■ Instructions to follow:
Where does "Prop" occur in the listing? Copy every line that holds it.

■ Listed records:
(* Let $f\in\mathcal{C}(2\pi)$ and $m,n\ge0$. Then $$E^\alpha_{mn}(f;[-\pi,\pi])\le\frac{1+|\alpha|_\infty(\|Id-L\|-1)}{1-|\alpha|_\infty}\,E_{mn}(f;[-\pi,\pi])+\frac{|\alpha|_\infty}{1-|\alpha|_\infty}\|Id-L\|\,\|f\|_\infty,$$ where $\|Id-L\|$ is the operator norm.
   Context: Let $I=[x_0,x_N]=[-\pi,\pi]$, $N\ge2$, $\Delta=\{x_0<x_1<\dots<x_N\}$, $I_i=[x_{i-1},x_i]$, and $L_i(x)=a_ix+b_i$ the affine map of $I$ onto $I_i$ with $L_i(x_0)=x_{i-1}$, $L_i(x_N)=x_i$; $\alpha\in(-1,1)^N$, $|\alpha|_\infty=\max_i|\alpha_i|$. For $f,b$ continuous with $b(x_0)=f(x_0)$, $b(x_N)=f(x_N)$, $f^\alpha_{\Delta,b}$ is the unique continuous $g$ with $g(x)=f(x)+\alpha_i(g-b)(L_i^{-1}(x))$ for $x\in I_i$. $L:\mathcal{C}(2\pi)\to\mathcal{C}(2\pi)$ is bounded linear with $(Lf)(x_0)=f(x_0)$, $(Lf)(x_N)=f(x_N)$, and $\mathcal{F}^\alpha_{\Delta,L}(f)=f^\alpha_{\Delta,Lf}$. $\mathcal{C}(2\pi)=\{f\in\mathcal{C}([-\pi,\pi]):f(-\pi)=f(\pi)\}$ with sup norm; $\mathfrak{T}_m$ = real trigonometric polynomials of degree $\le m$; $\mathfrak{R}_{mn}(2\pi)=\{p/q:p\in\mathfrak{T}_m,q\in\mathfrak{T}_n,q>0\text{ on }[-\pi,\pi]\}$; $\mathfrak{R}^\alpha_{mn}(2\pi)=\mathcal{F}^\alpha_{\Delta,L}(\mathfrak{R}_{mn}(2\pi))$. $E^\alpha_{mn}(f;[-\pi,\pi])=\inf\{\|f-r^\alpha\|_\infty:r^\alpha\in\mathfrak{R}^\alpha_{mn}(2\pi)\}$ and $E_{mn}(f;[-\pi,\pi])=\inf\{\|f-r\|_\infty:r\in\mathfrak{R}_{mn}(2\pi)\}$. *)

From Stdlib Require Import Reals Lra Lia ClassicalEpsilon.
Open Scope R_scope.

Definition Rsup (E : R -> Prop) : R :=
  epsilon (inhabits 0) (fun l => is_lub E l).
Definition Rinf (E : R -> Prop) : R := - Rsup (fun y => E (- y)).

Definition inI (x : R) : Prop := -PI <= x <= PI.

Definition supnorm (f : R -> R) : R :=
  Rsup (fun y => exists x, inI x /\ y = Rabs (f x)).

■ Solution for this problem:
Definition Rsup (E : R -> Prop) : R :=
Definition Rinf (E : R -> Prop) : R := - Rsup (fun y => E (- y)).
Definition inI (x : R) : Prop := -PI <= x <= PI.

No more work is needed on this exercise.